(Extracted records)
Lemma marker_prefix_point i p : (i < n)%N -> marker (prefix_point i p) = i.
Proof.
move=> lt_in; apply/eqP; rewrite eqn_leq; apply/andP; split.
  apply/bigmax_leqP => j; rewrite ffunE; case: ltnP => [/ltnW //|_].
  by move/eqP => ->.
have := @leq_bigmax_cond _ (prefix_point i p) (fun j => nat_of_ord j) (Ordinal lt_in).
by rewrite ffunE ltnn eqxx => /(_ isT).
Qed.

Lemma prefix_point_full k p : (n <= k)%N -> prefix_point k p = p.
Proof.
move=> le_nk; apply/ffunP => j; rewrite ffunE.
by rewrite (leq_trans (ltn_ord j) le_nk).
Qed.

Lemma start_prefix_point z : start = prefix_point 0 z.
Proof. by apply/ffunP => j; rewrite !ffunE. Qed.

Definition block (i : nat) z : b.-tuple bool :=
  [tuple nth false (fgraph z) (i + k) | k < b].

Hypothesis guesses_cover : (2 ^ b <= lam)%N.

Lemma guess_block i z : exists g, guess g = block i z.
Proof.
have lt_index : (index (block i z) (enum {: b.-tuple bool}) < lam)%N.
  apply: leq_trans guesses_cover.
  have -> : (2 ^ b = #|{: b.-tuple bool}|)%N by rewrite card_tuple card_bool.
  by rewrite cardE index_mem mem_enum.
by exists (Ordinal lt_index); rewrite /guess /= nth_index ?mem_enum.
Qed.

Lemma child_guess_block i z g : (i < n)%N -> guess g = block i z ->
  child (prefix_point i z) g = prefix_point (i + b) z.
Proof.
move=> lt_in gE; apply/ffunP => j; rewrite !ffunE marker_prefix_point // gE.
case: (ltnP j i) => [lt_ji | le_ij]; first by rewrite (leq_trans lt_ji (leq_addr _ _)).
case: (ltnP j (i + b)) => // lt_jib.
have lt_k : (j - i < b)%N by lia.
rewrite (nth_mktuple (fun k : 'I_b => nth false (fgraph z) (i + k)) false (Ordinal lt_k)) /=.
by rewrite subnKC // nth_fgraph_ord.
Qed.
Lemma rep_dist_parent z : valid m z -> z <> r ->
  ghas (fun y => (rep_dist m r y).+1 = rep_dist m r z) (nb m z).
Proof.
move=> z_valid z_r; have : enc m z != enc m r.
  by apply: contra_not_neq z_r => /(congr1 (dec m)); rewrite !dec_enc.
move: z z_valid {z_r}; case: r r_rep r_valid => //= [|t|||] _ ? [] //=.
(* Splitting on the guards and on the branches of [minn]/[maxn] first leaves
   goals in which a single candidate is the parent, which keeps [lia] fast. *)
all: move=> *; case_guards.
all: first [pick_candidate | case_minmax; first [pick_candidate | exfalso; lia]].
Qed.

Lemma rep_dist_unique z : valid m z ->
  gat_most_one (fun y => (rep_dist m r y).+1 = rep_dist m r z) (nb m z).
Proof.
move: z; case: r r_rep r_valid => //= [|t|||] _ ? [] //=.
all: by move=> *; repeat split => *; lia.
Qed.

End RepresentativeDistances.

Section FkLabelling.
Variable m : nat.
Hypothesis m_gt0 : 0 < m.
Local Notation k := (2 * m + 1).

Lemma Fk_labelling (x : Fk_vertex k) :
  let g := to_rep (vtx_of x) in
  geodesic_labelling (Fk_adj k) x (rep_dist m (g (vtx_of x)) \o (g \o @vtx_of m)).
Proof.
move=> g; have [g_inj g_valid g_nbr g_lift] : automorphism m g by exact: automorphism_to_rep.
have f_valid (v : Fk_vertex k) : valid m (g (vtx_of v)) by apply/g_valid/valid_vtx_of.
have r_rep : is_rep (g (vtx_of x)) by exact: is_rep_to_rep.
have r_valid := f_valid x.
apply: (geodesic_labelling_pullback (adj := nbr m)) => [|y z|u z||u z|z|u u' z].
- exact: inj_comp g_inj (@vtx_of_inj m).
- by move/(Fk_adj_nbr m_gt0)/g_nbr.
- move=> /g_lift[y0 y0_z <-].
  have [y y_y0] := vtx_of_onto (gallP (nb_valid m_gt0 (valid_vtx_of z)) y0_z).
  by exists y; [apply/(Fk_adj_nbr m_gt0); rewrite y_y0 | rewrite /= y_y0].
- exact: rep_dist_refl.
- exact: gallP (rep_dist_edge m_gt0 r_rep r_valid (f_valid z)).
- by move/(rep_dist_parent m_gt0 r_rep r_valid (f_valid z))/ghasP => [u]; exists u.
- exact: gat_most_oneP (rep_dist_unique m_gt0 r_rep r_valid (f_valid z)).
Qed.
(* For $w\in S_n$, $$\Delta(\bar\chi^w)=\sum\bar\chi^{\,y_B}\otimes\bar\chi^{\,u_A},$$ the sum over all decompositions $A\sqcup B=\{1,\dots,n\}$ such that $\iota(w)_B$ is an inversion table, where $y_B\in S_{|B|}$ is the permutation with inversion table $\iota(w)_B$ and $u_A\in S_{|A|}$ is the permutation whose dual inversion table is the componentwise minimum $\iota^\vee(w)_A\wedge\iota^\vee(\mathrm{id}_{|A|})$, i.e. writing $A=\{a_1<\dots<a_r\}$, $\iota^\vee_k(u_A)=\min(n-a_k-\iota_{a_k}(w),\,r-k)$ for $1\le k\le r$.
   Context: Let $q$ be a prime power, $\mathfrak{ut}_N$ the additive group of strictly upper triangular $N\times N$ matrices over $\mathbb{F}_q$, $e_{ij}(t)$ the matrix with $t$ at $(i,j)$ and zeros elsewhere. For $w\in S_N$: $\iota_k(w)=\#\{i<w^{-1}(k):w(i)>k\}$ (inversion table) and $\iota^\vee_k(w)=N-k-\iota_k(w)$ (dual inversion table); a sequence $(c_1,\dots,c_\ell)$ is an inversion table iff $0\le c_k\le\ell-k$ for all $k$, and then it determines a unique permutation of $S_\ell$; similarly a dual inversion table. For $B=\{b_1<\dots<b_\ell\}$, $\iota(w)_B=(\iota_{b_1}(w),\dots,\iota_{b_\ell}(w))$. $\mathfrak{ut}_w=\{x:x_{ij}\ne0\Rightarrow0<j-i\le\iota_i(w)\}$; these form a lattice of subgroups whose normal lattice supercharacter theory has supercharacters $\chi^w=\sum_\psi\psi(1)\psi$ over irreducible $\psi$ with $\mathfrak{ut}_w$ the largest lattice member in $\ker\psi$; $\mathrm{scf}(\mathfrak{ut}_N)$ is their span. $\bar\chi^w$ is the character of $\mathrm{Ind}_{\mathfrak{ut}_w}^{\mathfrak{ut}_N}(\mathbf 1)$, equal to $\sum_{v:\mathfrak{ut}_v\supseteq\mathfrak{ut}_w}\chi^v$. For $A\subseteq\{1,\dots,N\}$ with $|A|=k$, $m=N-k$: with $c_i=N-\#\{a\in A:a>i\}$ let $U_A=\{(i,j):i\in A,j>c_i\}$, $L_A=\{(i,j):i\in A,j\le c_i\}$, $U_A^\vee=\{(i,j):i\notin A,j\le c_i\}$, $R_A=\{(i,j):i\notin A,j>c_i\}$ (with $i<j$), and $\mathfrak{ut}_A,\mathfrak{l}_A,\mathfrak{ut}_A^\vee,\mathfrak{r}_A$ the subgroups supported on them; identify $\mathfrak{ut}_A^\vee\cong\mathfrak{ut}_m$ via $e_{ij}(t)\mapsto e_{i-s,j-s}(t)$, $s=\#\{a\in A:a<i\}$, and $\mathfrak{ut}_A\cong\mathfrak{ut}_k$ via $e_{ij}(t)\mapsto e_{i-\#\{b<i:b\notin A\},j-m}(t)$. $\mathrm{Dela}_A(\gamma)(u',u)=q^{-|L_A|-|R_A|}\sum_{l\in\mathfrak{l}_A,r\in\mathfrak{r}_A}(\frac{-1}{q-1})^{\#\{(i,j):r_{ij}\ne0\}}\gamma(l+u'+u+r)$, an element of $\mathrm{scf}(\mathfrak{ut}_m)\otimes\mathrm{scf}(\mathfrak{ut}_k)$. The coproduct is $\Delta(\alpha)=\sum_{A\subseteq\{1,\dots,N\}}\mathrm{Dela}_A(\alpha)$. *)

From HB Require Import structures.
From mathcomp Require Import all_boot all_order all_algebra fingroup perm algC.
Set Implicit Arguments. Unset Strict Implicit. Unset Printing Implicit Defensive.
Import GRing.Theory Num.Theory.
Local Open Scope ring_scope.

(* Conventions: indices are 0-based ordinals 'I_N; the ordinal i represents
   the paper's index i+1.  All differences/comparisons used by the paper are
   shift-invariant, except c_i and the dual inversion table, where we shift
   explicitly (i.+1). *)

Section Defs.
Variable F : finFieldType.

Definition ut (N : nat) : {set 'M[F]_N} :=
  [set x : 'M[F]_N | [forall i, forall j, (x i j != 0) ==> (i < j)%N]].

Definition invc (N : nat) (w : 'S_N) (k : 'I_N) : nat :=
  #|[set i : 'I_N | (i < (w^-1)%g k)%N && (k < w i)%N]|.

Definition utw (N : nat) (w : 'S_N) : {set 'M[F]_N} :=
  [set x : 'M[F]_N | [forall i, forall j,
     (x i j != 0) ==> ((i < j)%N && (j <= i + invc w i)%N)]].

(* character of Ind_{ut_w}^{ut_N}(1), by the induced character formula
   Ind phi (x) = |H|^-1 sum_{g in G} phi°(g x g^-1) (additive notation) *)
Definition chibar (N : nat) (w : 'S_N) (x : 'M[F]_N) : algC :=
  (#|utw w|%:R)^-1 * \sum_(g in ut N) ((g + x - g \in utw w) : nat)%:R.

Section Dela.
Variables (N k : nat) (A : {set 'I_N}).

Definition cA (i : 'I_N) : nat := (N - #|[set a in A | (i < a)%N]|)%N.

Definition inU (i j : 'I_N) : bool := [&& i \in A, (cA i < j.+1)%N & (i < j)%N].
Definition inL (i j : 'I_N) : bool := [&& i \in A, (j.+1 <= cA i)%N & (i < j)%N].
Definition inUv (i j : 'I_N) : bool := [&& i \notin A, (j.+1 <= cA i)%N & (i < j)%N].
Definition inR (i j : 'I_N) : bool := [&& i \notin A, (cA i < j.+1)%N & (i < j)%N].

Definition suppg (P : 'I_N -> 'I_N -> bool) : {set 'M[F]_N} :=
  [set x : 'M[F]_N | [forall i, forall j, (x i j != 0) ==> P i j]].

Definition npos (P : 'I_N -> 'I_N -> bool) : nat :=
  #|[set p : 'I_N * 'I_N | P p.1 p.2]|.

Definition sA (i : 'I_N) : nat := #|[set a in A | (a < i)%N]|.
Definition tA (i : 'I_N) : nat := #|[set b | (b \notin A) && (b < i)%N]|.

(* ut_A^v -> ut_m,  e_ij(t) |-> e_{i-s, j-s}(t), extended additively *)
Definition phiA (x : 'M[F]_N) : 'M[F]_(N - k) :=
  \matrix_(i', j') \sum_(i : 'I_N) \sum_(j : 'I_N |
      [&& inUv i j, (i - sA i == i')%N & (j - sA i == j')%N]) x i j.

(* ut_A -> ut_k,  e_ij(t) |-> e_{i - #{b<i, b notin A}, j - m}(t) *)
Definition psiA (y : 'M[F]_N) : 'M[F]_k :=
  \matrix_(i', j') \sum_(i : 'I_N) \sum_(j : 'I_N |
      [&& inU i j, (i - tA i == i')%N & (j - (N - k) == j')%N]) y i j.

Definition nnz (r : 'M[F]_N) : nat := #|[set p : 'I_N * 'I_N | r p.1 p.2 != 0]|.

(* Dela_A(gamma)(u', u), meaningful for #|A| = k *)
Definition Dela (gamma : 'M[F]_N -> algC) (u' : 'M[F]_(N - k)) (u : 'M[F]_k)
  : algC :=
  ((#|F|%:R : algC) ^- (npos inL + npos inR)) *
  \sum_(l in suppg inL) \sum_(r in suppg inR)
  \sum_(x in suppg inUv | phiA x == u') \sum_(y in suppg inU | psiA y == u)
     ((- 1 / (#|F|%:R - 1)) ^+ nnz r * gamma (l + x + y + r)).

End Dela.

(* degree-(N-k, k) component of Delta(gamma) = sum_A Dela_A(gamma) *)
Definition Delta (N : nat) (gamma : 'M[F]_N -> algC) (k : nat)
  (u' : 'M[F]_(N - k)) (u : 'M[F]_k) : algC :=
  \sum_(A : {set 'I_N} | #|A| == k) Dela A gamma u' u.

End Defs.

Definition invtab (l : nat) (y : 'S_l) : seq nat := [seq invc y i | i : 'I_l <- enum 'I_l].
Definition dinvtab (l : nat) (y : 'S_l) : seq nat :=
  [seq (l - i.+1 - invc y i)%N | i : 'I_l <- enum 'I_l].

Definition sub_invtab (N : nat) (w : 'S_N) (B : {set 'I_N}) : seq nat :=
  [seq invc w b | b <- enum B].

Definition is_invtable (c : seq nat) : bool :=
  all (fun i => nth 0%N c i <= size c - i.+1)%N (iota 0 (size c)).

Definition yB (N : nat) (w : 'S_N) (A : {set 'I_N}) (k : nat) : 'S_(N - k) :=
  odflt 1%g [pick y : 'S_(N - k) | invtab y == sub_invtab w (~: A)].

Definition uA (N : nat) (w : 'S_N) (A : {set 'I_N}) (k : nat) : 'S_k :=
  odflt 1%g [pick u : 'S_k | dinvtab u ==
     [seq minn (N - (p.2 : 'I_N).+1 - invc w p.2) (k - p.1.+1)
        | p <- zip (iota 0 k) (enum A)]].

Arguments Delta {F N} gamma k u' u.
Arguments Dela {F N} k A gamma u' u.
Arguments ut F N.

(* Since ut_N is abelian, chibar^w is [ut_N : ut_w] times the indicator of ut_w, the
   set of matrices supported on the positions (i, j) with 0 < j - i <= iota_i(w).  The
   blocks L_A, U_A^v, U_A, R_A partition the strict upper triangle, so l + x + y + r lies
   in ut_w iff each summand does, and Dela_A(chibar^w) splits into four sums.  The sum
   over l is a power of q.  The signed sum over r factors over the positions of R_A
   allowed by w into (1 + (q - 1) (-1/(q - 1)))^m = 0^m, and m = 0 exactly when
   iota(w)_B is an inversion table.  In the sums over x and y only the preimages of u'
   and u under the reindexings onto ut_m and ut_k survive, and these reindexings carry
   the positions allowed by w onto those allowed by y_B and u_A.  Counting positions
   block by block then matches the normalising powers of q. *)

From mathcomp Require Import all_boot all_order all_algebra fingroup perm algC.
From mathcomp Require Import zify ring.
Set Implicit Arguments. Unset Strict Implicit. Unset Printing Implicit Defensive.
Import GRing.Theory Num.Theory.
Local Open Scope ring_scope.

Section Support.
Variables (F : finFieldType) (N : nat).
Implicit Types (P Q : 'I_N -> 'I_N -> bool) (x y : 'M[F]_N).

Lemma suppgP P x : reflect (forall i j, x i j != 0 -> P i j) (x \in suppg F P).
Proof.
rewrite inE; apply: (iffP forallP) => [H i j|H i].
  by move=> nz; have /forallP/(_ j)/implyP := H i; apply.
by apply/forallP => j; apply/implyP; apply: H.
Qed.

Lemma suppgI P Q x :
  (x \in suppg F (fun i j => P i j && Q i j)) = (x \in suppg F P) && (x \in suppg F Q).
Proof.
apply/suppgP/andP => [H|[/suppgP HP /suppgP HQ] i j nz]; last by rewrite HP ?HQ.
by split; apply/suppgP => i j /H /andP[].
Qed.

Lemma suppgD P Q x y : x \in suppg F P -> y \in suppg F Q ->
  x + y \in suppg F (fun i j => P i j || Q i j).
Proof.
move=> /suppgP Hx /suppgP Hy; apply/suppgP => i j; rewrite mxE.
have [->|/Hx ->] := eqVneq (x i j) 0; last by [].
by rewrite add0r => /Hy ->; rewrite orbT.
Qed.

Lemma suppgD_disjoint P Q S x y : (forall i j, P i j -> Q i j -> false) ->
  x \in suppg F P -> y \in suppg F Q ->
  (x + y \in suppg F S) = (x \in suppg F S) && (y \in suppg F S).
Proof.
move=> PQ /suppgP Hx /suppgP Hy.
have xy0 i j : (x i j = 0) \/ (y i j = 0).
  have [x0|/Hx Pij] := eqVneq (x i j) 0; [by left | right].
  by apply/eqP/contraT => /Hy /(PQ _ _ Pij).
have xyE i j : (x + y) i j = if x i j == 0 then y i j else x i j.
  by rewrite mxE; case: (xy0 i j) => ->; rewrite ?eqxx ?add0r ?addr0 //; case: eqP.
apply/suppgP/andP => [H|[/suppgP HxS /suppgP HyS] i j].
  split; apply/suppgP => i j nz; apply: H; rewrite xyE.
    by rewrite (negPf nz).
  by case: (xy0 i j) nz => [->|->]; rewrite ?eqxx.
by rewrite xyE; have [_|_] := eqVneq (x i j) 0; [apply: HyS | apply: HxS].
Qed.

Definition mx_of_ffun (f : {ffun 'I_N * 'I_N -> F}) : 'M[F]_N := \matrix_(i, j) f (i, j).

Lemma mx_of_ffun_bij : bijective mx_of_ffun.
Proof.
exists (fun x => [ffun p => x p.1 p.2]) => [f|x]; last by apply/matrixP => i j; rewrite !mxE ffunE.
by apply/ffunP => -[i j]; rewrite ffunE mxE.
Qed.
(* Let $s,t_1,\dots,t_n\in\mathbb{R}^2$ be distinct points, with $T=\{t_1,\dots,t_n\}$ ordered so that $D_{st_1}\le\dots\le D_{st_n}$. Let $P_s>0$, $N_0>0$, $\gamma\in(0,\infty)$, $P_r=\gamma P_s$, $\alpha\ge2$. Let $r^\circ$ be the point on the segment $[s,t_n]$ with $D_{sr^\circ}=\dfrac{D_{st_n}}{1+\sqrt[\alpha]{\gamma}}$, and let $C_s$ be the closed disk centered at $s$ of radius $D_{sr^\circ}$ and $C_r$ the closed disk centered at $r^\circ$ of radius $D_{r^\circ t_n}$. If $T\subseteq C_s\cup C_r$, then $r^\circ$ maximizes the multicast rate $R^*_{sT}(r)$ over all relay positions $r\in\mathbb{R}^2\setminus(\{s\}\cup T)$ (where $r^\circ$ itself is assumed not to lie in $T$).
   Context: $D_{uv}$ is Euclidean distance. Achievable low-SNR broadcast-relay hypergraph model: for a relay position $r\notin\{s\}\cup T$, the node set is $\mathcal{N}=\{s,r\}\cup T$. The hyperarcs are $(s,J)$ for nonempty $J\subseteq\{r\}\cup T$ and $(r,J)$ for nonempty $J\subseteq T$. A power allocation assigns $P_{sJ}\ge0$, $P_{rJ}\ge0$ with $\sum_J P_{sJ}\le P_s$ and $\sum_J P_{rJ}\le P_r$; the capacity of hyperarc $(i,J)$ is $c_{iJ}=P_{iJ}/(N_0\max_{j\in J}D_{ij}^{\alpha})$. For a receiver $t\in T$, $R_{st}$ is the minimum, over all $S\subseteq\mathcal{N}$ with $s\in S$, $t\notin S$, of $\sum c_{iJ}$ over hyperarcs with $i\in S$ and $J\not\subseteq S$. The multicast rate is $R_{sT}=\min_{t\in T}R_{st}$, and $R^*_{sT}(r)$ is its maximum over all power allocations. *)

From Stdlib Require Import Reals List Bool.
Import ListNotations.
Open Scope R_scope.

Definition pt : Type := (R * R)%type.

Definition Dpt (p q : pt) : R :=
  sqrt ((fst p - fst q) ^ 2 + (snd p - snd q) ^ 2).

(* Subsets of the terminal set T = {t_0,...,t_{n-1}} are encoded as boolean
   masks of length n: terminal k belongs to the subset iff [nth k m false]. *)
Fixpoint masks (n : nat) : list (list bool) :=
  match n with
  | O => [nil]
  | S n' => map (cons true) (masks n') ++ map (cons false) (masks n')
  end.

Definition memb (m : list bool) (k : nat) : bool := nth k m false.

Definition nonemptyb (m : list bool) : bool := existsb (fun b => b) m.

• [WORK TO BE COMPLETED]
Both end lines included, restate word for word the lines above from the line with "Lemma prefix_point_full k" to the line with "[tuple nth false", and nothing else.

• [FINAL ANSWER]
Lemma prefix_point_full k p : (n <= k)%N -> prefix_point k p = p.
Proof.
move=> le_nk; apply/ffunP => j; rewrite ffunE.
by rewrite (leq_trans (ltn_ord j) le_nk).
Qed.

Lemma start_prefix_point z : start = prefix_point 0 z.
Proof. by apply/ffunP => j; rewrite !ffunE. Qed.

Definition block (i : nat) z : b.-tuple bool :=
  [tuple nth false (fgraph z) (i + k) | k < b].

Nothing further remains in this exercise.